[Assigned task]
Please copy, exactly as they appear below, the lines from the one containing "rewrite pair_big_dep (reindex" through the one containing "Lemma ffun_rcons_ord0 (T".

Collected data

-*-

(* Let $\mathcal{M}=\langle S,\iota,\mathsf{Act},P,\mathsf{Z},\mathsf{obs}\rangle$ be an MDP, $\tau\in\mathsf{Z}^+$ a trace and $r\colon S\to\mathbb{R}_{\ge0}$ a state-risk function. Then $R_r(\tau)=\sup_{\mathsf{bel}\in\mathsf{est}_{\mathsf{MDP}}(\tau)}\sum_{s\in S}\mathsf{bel}(s)\cdot r(s)$.
   Context: An MDP is a tuple $\langle S,\iota,\mathsf{Act},P,\mathsf{Z},\mathsf{obs}\rangle$: finite state set $S$, initial distribution $\iota\in\mathsf{Distr}(S)$, finite action set $\mathsf{Act}$, partial transition function $P\colon S\times\mathsf{Act}\rightharpoonup\mathsf{Distr}(S)$ (write $P(s,\alpha,s')=P(s,\alpha)(s')$), finite observation set $\mathsf{Z}$, observation function $\mathsf{obs}\colon S\to\mathsf{Distr}(\mathsf{Z})$; $\mathsf{AvAct}(s)=\{\alpha\mid P(s,\alpha)\text{ defined}\}\neq\emptyset$. A finite path is $\pi=s_0a_0\dots a_{n-1}s_n$ with $\iota(s_0)>0$, $P(s_i,a_i)(s_{i+1})>0$; $\mathrm{last}(\pi)=s_n$. A scheduler $\sigma$ maps each finite path $\pi$ to a distribution on $\mathsf{AvAct}(\mathrm{last}(\pi))$; $\Sigma$ is the set of schedulers; $\Pr^\sigma(\pi)=\iota(s_0)\prod_{i<n}\sigma(s_0a_0\dots s_i)(a_i)P(s_i,a_i)(s_{i+1})$. For a trace $\tau=z_0\dots z_n\in\mathsf{Z}^+$ and path $\pi=s_0\dots s_m$, $\Pr(\tau\mid\pi)=\prod_{i=0}^n\mathsf{obs}(s_i)(z_i)$ if $m=n$, else $0$; $\mathrm{Paths}(\tau)$ are the paths with as many states as $\tau$ has observations; $\Pr^\sigma(\tau)=\sum_\pi\Pr^\sigma(\pi)\Pr(\tau\mid\pi)$; $\Pr^\sigma(\pi\mid\tau)=\Pr(\tau\mid\pi)\Pr^\sigma(\pi)/\Pr^\sigma(\tau)$ with $0/0=0$. The weighted risk is $R_r(\tau)=\sup_{\sigma\in\Sigma}\sum_{\pi\in\mathrm{Paths}(\tau)}\Pr^\sigma(\pi\mid\tau)r(\mathrm{last}(\pi))$. Beliefs: $\mathsf{Bel}=\mathsf{Distr}(S)\cup\{\mathbf{0}\}$, $\mathbf{0}$ the zero function on $S$. Define $\mathsf{est}_{\mathsf{MDP}}\colon\mathsf{Z}^+\to2^{\mathsf{Bel}}$ by $\mathsf{est}_{\mathsf{MDP}}(z)=\{b_z\}$ where $b_z(s)=\iota(s)\mathsf{obs}(s)(z)/\sum_{\hat s}\iota(\hat s)\mathsf{obs}(\hat s)(z)$ if some $s$ has $\iota(s)\mathsf{obs}(s)(z)>0$ and $b_z=\mathbf{0}$ otherwise; and $\mathsf{est}_{\mathsf{MDP}}(\tau\cdot z)=\bigcup_{\mathsf{bel}\in\mathsf{est}_{\mathsf{MDP}}(\tau)}\mathsf{est}^{\mathsf{up}}(\mathsf{bel},z)$, where $\mathsf{bel}'\in\mathsf{est}^{\mathsf{up}}(\mathsf{bel},z)$ iff there is $\varsigma\colon S\to\mathsf{Distr}(\mathsf{Act})$ with $\varsigma(s)$ supported in $\mathsf{AvAct}(s)$ such that for all $s'$: $\mathsf{bel}'(s')=\dfrac{\sum_s\mathsf{bel}(s)\sum_\alpha\varsigma(s)(\alpha)P(s,\alpha,s')\mathsf{obs}(s')(z)}{\sum_s\mathsf{bel}(s)\sum_\alpha\varsigma(s)(\alpha)\sum_{\hat s}P(s,\alpha,\hat s)\mathsf{obs}(\hat s)(z)}$ (with $0/0=0$). *)

From HB Require Import structures.
From mathcomp Require Import all_boot all_order all_algebra.
From mathcomp Require Import classical_sets boolp reals.
Set Implicit Arguments. Unset Strict Implicit. Unset Printing Implicit Defensive.
Import Order.TTheory GRing.Theory Num.Theory.
Local Open Scope ring_scope.
Local Open Scope classical_set_scope.

Section MDPDefs.
Variables (R : realType) (S Act Z : finType).

Definition is_distr (T : finType) (d : {ffun T -> R}) : Prop :=
  (forall t, 0 <= d t) /\ \sum_(t : T) d t = 1.

(* An MDP <S, iota, Act, P, Z, obs>; P is partial (None = undefined). *)
Record MDP := mkMDP {
  iota : {ffun S -> R};
  P : S -> Act -> option {ffun S -> R};
  obs : S -> {ffun Z -> R}
}.

Definition wf_MDP (M : MDP) : Prop :=
  [/\ is_distr (iota M),
      (forall s a d, P M s a = Some d -> is_distr d),
      (forall s, is_distr (obs M s)) &
      (forall s, exists a, P M s a <> None)].

Definition Pt (M : MDP) (s : S) (a : Act) (s' : S) : R :=
  if P M s a is Some d then d s' else 0.

(* a scheduler maps a finite path, given as the list of (state,action) pairs
   (s_0,a_0)...(s_{n-1},a_{n-1}) followed by the last state s_n, to a
   distribution on the available actions of the last state *)
Definition scheduler := seq (S * Act) -> S -> {ffun Act -> R}.

Definition is_scheduler (M : MDP) (sigma : scheduler) : Prop :=
  forall h s, is_distr (sigma h s) /\
              (forall a, P M s a = None -> sigma h s a = 0).

Section Trace.
(* the trace tau = z0 :: zs, of length n.+1 with n = size zs;
   paths in Paths(tau) are ss_0 acts_0 ss_1 ... acts_{n-1} ss_n *)
Variables (M : MDP) (z0 : Z) (zs : seq Z).
Let n := size zs.

Definition tr (i : nat) : Z := nth z0 (z0 :: zs) i.

Definition hist (ss : {ffun 'I_n.+1 -> S}) (acts : {ffun 'I_n -> Act})
  (i : nat) : seq (S * Act) :=
  map (fun j : 'I_n => (ss (inord j), acts j))
      (filter (fun k : 'I_n => (k < i)%N) (enum 'I_n)).

Definition Pr_path (sigma : scheduler) (ss : {ffun 'I_n.+1 -> S})
  (acts : {ffun 'I_n -> Act}) : R :=
  iota M (ss ord0) *
  \prod_(i < n) (sigma (hist ss acts i) (ss (inord i)) (acts i) *
                 Pt M (ss (inord i)) (acts i) (ss (inord i.+1))).

Definition Pr_obs (ss : {ffun 'I_n.+1 -> S}) : R :=
  \prod_(i < n.+1) obs M (ss i) (tr i).

Definition Pr_trace (sigma : scheduler) : R :=
  \sum_(ss : {ffun 'I_n.+1 -> S}) \sum_(acts : {ffun 'I_n -> Act})
     Pr_path sigma ss acts * Pr_obs ss.

(* sum_{pi in Paths(tau)} Pr^sigma(pi | tau) r(last pi)  (x / 0 = 0) *)
Definition risk_value (r : S -> R) (sigma : scheduler) : R :=
  \sum_(ss : {ffun 'I_n.+1 -> S}) \sum_(acts : {ffun 'I_n -> Act})
     (Pr_obs ss * Pr_path sigma ss acts / Pr_trace sigma) * r (ss ord_max).

Definition weighted_risk (r : S -> R) : R :=
  sup [set v | exists sigma, is_scheduler M sigma /\ v = risk_value r sigma].

End Trace.

(* beliefs: functions S -> R (distributions or the zero function) *)
Definition belief := {ffun S -> R}.

Definition init_belief (M : MDP) (z : Z) : belief :=
  if [exists s, 0 < iota M s * obs M s z] then
    [ffun s => iota M s * obs M s z /
               \sum_(s0 : S) iota M s0 * obs M s0 z]
  else [ffun => 0].

(* est^up(bel, z); division by 0 yields 0 in MathComp, matching 0/0 = 0 *)
Definition est_up (M : MDP) (bel : belief) (z : Z) : set belief :=
  [set bel' | exists vs : S -> {ffun Act -> R},
     (forall s, is_distr (vs s) /\ (forall a, P M s a = None -> vs s a = 0)) /\
     (forall s', bel' s' =
        (\sum_(s : S) bel s * \sum_(a : Act) vs s a * Pt M s a s' * obs M s' z) /
        (\sum_(s : S) bel s * \sum_(a : Act) vs s a *
            \sum_(sh : S) Pt M s a sh * obs M sh z))].

Definition est_MDP (M : MDP) (z0 : Z) (zs : seq Z) : set belief :=
  foldl (fun B z => \bigcup_(b in B) est_up M b z) [set init_belief M z0] zs.

End MDPDefs.

(* Let [forward sigma n s] be the probability, under the scheduler [sigma], of
   emitting the first n+1 observations of the trace along a path ending in [s].
   The risk of [sigma] is the r-average of the normalized forward vector, so
   it suffices to show that est_MDP consists exactly of the normalized forward
   vectors.  A step of est_up with decision rule [vs] maps [normalize m] to
   [normalize (update vs m)] for the linear map [update vs].  Conversely,
   [forward sigma n.+1] is the update of [forward sigma n] by the rule "action
   of [sigma] at step n given the current state", and any decision rule is
   realised at step n by the scheduler that plays it on histories of length n
   and follows [sigma] elsewhere, which leaves [forward sigma n] unchanged. *)

From Pilot Require Import Defs.
From HB Require Import structures.
From mathcomp Require Import all_boot all_order all_algebra.
From mathcomp Require Import classical_sets boolp reals.
From mathcomp Require Import ring.
Import Order.TTheory GRing.Theory Num.Theory.
Set Implicit Arguments. Unset Strict Implicit. Unset Printing Implicit Defensive.
Local Open Scope ring_scope.
Local Open Scope classical_set_scope.

Section FfunRcons.
Variables (T : finType) (n : nat).

Definition ffun_rcons (g : {ffun 'I_n -> T}) (x : T) : {ffun 'I_n.+1 -> T} :=
  [ffun i => oapp g x (unlift ord_max i)].

Lemma ffun_rcons_lift g x j : ffun_rcons g x (lift ord_max j) = g j.
Proof. by rewrite ffunE liftK. Qed.

Lemma ffun_rcons_max g x : ffun_rcons g x ord_max = x.
Proof. by rewrite ffunE unlift_none. Qed.

Lemma ffun_rcons_widen g x j : ffun_rcons g x (widen_ord (leqnSn n) j) = g j.
Proof.
have -> : widen_ord (leqnSn n) j = lift ord_max j.
  by apply/val_inj; rewrite /= /bump leqNgt ltn_ord.
exact: ffun_rcons_lift.
Qed.

Lemma big_ffun_rcons {V : Type} {idx : V} {op : Monoid.com_law idx}
    (P : pred {ffun 'I_n.+1 -> T}) (F : {ffun 'I_n.+1 -> T} -> V) :
  \big[op/idx]_(f | P f) F f =
  \big[op/idx]_(g : {ffun 'I_n -> T}) \big[op/idx]_(x | P (ffun_rcons g x))
     F (ffun_rcons g x).
Proof.
rewrite pair_big_dep (reindex (fun p => ffun_rcons p.1 p.2)).
  by apply: eq_bigl => -[g x].
exists (fun f : {ffun 'I_n.+1 -> T} => ([ffun j => f (lift ord_max j)], f ord_max)).
  move=> [g x] _.
  rewrite ffun_rcons_max; congr pair; apply/ffunP => j.
  by rewrite ffunE ffun_rcons_lift.
move=> f _; apply/ffunP => i; rewrite /ffun_rcons ffunE.
by case: unliftP => [j ->|->]; cbn [oapp fst snd]; rewrite ?ffunE.
Qed.

End FfunRcons.

Lemma ffun_rcons_inord (T : finType) n (g : {ffun 'I_n.+1 -> T}) x i :
  (i <= n)%N -> ffun_rcons g x (inord i) = g (inord i).
Proof.
move=> le_in; have -> : inord i = lift ord_max (inord i : 'I_n.+1).
  apply/val_inj; rewrite /= /bump !inordK ?ltnS ?(leqW le_in) //.
  by rewrite ltnNge le_in.
exact: ffun_rcons_lift.
Qed.

Lemma ffun_rcons_ord0 (T : finType) n (g : {ffun 'I_n.+1 -> T}) x :
  ffun_rcons g x ord0 = g ord0.
Proof.
have -> : ord0 = lift ord_max (ord0 : 'I_n.+1) by apply/val_inj.
exact: ffun_rcons_lift.
Qed.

-*-

[The completed task]
rewrite pair_big_dep (reindex (fun p => ffun_rcons p.1 p.2)).
  by apply: eq_bigl => -[g x].
exists (fun f : {ffun 'I_n.+1 -> T} => ([ffun j => f (lift ord_max j)], f ord_max)).
  move=> [g x] _.
  rewrite ffun_rcons_max; congr pair; apply/ffunP => j.
  by rewrite ffunE ffun_rcons_lift.
move=> f _; apply/ffunP => i; rewrite /ffun_rcons ffunE.
by case: unliftP => [j ->|->]; cbn [oapp fst snd]; rewrite ?ffunE.
Qed.

End FfunRcons.

Lemma ffun_rcons_inord (T : finType) n (g : {ffun 'I_n.+1 -> T}) x i :
  (i <= n)%N -> ffun_rcons g x (inord i) = g (inord i).
Proof.
move=> le_in; have -> : inord i = lift ord_max (inord i : 'I_n.+1).
  apply/val_inj; rewrite /= /bump !inordK ?ltnS ?(leqW le_in) //.
  by rewrite ltnNge le_in.
exact: ffun_rcons_lift.
Qed.

Lemma ffun_rcons_ord0 (T : finType) n (g : {ffun 'I_n.+1 -> T}) x :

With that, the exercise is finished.